BRIEF:
Please copy out the entries below exactly, beginning with the line that contains "(b - a) * (b - c) + (((a" and ending with the line that contains "- rfun a c)", and include nothing outside that span.

DATA FOR THE TASK:
(* Let $\Phi_1,\Phi_2,\Phi_3,\Psi_1,\Psi_2,\Psi_3:\mathbb{Z}^3\to\mathbb{Q}$ be the functions defined in the context. (a) For all integers $a,b,c$ and each $i\in\{1,2,3\}$, \[ \Phi_i(a,b,c)\,\Phi_i(a-2,b-2,c)=\Phi_i(a-1,b-1,c)^2+\Phi_i(a,b,c+1)\,\Phi_i(a-2,b-2,c-1) \] and \[ \Psi_i(a,b,c)\,\Psi_i(a-2,b-2,c)=\Psi_i(a-1,b-1,c)^2+\Psi_i(a,b,c+1)\,\Psi_i(a-2,b-2,c-1). \] (b) For all integers $a,b$, \[ \Phi_1(a,b,0)\,\Phi_1(a-2,b-2,0)=\Phi_1(a-1,b-1,0)^2+\Phi_1(a,b,1)\,\Phi_1(3b-2a,2b-a,1), \] \[ \Psi_1(a,b,0)\,\Psi_1(a-2,b-2,0)=\Psi_1(a-1,b-1,0)^2+\Psi_1(a,b,1)\,\Psi_1(3b-2a,2b-a,1), \] and moreover for $i\in\{2,3\}$, \[ \Phi_i(a,b,0)\,\Phi_i(a-2,b-2,0)=\Phi_i(a-1,b-1,0)^2+\Phi_i(a,b,1)\,\Phi_{5-i}(3b-2a,2b-a,1), \] \[ \Psi_i(a,b,0)\,\Psi_i(a-2,b-2,0)=\Psi_i(a-1,b-1,0)^2+\Psi_i(a,b,1)\,\Psi_{5-i}(3b-2a,2b-a,1). \]
   Context: For integers $a,b,c$ define $g(a,b,c)=(b-a)(b-c)+\left\lfloor\frac{(a-c)^2}{3}\right\rfloor$, $q(a,b,c)=\left\lfloor\frac{(a-b+c)^2}{4}\right\rfloor$, $\alpha(a,b,c)=2$ if $3b+a-c\equiv 1\pmod 6$, $\alpha(a,b,c)=3$ if $3b+a-c\equiv 5\pmod 6$, and $\alpha(a,b,c)=1$ otherwise; $\beta(a,b,c)=3$ if $3b+a-c\equiv 1\pmod 6$, $\beta(a,b,c)=2$ if $3b+a-c\equiv 5\pmod 6$, and $\beta(a,b,c)=1$ otherwise. Writing $g=g(a,b,c)$, $q=q(a,b,c)$ and $r=\lfloor (a-c+1)/3\rfloor$, define (exponents may be negative, so values are rational) $\Phi_1(a,b,c)=\alpha(a,b,c)\,2^{g(a,b,c+1)}5^{g}11^{q}$, $\Phi_2(a,b,c)=\alpha(a,b,c)\,2^{g(a,b,c-1)-r+(a-b)}5^{g}11^{q}$, $\Phi_3(a,b,c)=\alpha(a,b,c)\,2^{g(a,b,c-1)-r}5^{g}11^{q}$, $\Psi_1(a,b,c)=\beta(a,b,c)\,2^{g(a,b,c-1)}5^{g}11^{q}$, $\Psi_2(a,b,c)=\beta(a,b,c)\,2^{g(a,b,c+1)+r-(a-b)}5^{g}11^{q}$, $\Psi_3(a,b,c)=\beta(a,b,c)\,2^{g(a,b,c+1)+r}5^{g}11^{q}$. *)

From mathcomp Require Import all_boot all_order all_algebra.
Set Implicit Arguments. Unset Strict Implicit. Unset Printing Implicit Defensive.
Import Order.TTheory GRing.Theory Num.Theory.
Local Open Scope ring_scope.

(* Integer floor division: for d > 0, (m %/ d)%Z is floor(m/d) and (m %% d)%Z in [0,d). *)
Definition gfun (a b c : int) : int :=
  (b - a) * (b - c) + (((a - c) ^+ 2) %/ 3)%Z.
Definition qfun (a b c : int) : int := (((a - b + c) ^+ 2) %/ 4)%Z.

Definition sres (a b c : int) : int := ((3 * b + a - c) %% 6)%Z.

Definition alpha (a b c : int) : rat :=
  if sres a b c == 1 then 2 else if sres a b c == 5 then 3 else 1.
Definition beta (a b c : int) : rat :=
  if sres a b c == 1 then 3 else if sres a b c == 5 then 2 else 1.

Definition rfun (a c : int) : int := ((a - c + 1) %/ 3)%Z.

Definition common (a b c : int) : rat :=
  (5%:Q ^ gfun a b c) * (11%:Q ^ qfun a b c).

Definition Phi1 (a b c : int) : rat :=
  alpha a b c * 2%:Q ^ gfun a b (c + 1) * common a b c.
Definition Phi2 (a b c : int) : rat :=
  alpha a b c * 2%:Q ^ (gfun a b (c - 1) - rfun a c + (a - b)) * common a b c.
Definition Phi3 (a b c : int) : rat :=
  alpha a b c * 2%:Q ^ (gfun a b (c - 1) - rfun a c) * common a b c.
Definition Psi1 (a b c : int) : rat :=
  beta a b c * 2%:Q ^ gfun a b (c - 1) * common a b c.
Definition Psi2 (a b c : int) : rat :=
  beta a b c * 2%:Q ^ (gfun a b (c + 1) + rfun a c - (a - b)) * common a b c.
Definition Psi3 (a b c : int) : rat :=
  beta a b c * 2%:Q ^ (gfun a b (c + 1) + rfun a c) * common a b c.

(* Indexed families; only the indices 1, 2, 3 are meaningful. *)
Definition Phi (i : nat) : int -> int -> int -> rat :=
  match i with 1%N => Phi1 | 2%N => Phi2 | _ => Phi3 end.
Definition Psi (i : nat) : int -> int -> int -> rat :=
  match i with 1%N => Psi1 | 2%N => Psi2 | _ => Psi3 end.

From mathcomp Require Import all_boot all_order all_algebra.
From mathcomp Require Import zify ring.
Import Order.TTheory GRing.Theory Num.Theory.
Local Open Scope ring_scope.

(* Each of the six functions has the shape kappa * 2^E * 5^g * 11^q, where
   kappa only depends on 3b + a - c mod 6.  Dividing a three-term identity
   F1 F2 = F3^2 + F4 F5 by F3^2 leaves powers of 2, 5 and 11 whose exponents
   are second differences of E, g and q.  The quadratic parts of these
   exponents cancel in the second differences, and the second differences of
   floor(x^2/3), floor(x^2/4) and floor((x+1)/3) are periodic, so everything
   depends only on (a - c) mod 3 and (a - b + c) mod 2 (on a mod 3 and
   (a - b) mod 2 in part (b)): each identity is one of six numerical checks.
   In part (b) the linear term +-(a - b) of Phi2, Psi2 compensates the jump
   of floor((a - c + 1)/3) under (a, b) |-> (3b - 2a, 2b - a), which is why
   the index 2 is paired with 3. *)

Lemma sq_identity_factor (R : comPzRingType) (k1 k2 k3 k4 k5 w1 w2 w3 w4 w5 d d' : R) :
  w1 * w2 = w3 ^+ 2 * d -> w4 * w5 = w3 ^+ 2 * d' ->
  k1 * k2 * d = k3 ^+ 2 + k4 * k5 * d' ->
  k1 * w1 * (k2 * w2) = (k3 * w3) ^+ 2 + k4 * w4 * (k5 * w5).
Proof.
move=> w12 w45 k_id.
have -> : k4 * w4 * (k5 * w5) = k4 * k5 * (w4 * w5) by ring.
transitivity (k1 * k2 * (w1 * w2)); first by ring.
rewrite w12 w45; transitivity (w3 ^+ 2 * (k1 * k2 * d)); first by ring.
by rewrite k_id; ring.
Qed.

Lemma divz_sqr3_shift (x k : int) :
  ((x + 3 * k) ^+ 2 %/ 3)%Z = (x ^+ 2 %/ 3)%Z + k * (3 * k + 2 * x).
Proof.
have -> : (x + 3 * k) ^+ 2 = k * (3 * k + 2 * x) * 3 + x ^+ 2 by ring.
by rewrite divzMDl // addrC.
Qed.

Lemma divz_sqr3_diff2 (x : int) :
  (x ^+ 2 %/ 3)%Z + ((x - 2) ^+ 2 %/ 3)%Z - 2 * ((x - 1) ^+ 2 %/ 3)%Z
  = ((x %% 3)%Z - 1) ^+ 2.
Proof.
have hx : x = (x %% 3)%Z + 3 * (x %/ 3)%Z by rewrite {1}(divz_eq x 3) addrC mulrC.
rewrite [in LHS]hx.
have : ((x %% 3)%Z = 0 \/ (x %% 3)%Z = 1 \/ (x %% 3)%Z = 2) by lia.
move: (x %% 3)%Z (x %/ 3)%Z => r q.
rewrite !(addrAC r (3 * q)) !divz_sqr3_shift.
by case=> [->|[->|->]]; lia.
Qed.

Lemma divz_sqr4_diff2 (y : int) :
  ((y + 1) ^+ 2 %/ 4)%Z + ((y - 1) ^+ 2 %/ 4)%Z - 2 * (y ^+ 2 %/ 4)%Z = (y %% 2)%Z.
Proof.
have hy : y = (y %% 2)%Z + 2 * (y %/ 2)%Z by rewrite {1}(divz_eq y 2) addrC mulrC.
rewrite [in LHS]hy.
have : ((y %% 2)%Z = 0 \/ (y %% 2)%Z = 1) by lia.
move: (y %% 2)%Z (y %/ 2)%Z => r q.
have shift x : ((x + 2 * q) ^+ 2 %/ 4)%Z = (x ^+ 2 %/ 4)%Z + q * (q + x).
  have -> : (x + 2 * q) ^+ 2 = q * (q + x) * 4 + x ^+ 2 by ring.
  by rewrite divzMDl // addrC.
rewrite !(addrAC r (2 * q)) !shift.
by case=> ->; lia.
Qed.

Definition sq_defect (f : int -> int -> int -> int) (a b c : int) : int :=
  f a b c + f (a - 2) (b - 2) c - 2 * f (a - 1) (b - 1) c.

Definition cross_defect (f : int -> int -> int -> int) (a b c : int) : int :=
  f a b (c + 1) + f (a - 2) (b - 2) (c - 1) - 2 * f (a - 1) (b - 1) c.

Definition boundary_defect (f g : int -> int -> int -> int) (a b : int) : int :=
  f a b 1 + g (3 * b - 2 * a) (2 * b - a) 1 - 2 * f (a - 1) (b - 1) 0.

Lemma rfun_sq_defect (a c : int) :
  rfun a c + rfun (a - 2) c - 2 * rfun (a - 1) c = ((a - c) %% 3)%Z - 1.
Proof. rewrite /rfun; lia. Qed.

Lemma rfun_cross_defect (a c : int) :
  rfun a (c + 1) + rfun (a - 2) (c - 1) = 2 * rfun (a - 1) c.
Proof. rewrite /rfun; lia. Qed.

Lemma rfun_boundary_defect (a b : int) :
  rfun a 1 + rfun (3 * b - 2 * a) 1 = 2 * rfun (a - 1) 0 + (b - a).
Proof. rewrite /rfun; lia. Qed.

Lemma gfun_sq_defect (a b c : int) :
  sq_defect gfun a b c = (((a - c) %% 3)%Z - 1) ^+ 2.
Proof.
rewrite -divz_sqr3_diff2 /sq_defect /gfun.
have -> : a - 2 - c = a - c - 2 by ring.
have -> : a - 1 - c = a - c - 1 by ring.
ring.
Qed.

Lemma gfun_cross_defect (a b c : int) : cross_defect gfun a b c = 0.
Proof.
rewrite /cross_defect /gfun.
have -> : a - (c + 1) = a - 1 - c by ring.
have -> : a - 2 - (c - 1) = a - 1 - c by ring.
ring.
Qed.

Lemma gfun_boundary (c a b : int) :
  gfun a b (c + 1) + gfun (3 * b - 2 * a) (2 * b - a) (c + 1) = 2 * gfun (a - 1) (b - 1) c.
Proof.
rewrite /gfun.
have -> : a - (c + 1) = a - 1 - c by ring.
have -> : 3 * b - 2 * a - (c + 1) = a - 1 - c + 3 * (b - a) by ring.
rewrite divz_sqr3_shift; ring.
Qed.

RESPONSE AREA:
  (b - a) * (b - c) + (((a - c) ^+ 2) %/ 3)%Z.
Definition qfun (a b c : int) : int := (((a - b + c) ^+ 2) %/ 4)%Z.

Definition sres (a b c : int) : int := ((3 * b + a - c) %% 6)%Z.

Definition alpha (a b c : int) : rat :=
  if sres a b c == 1 then 2 else if sres a b c == 5 then 3 else 1.
Definition beta (a b c : int) : rat :=
  if sres a b c == 1 then 3 else if sres a b c == 5 then 2 else 1.

Definition rfun (a c : int) : int := ((a - c + 1) %/ 3)%Z.

Definition common (a b c : int) : rat :=
  (5%:Q ^ gfun a b c) * (11%:Q ^ qfun a b c).

Definition Phi1 (a b c : int) : rat :=
  alpha a b c * 2%:Q ^ gfun a b (c + 1) * common a b c.
Definition Phi2 (a b c : int) : rat :=
  alpha a b c * 2%:Q ^ (gfun a b (c - 1) - rfun a c + (a - b)) * common a b c.
Definition Phi3 (a b c : int) : rat :=
  alpha a b c * 2%:Q ^ (gfun a b (c - 1) - rfun a c) * common a b c.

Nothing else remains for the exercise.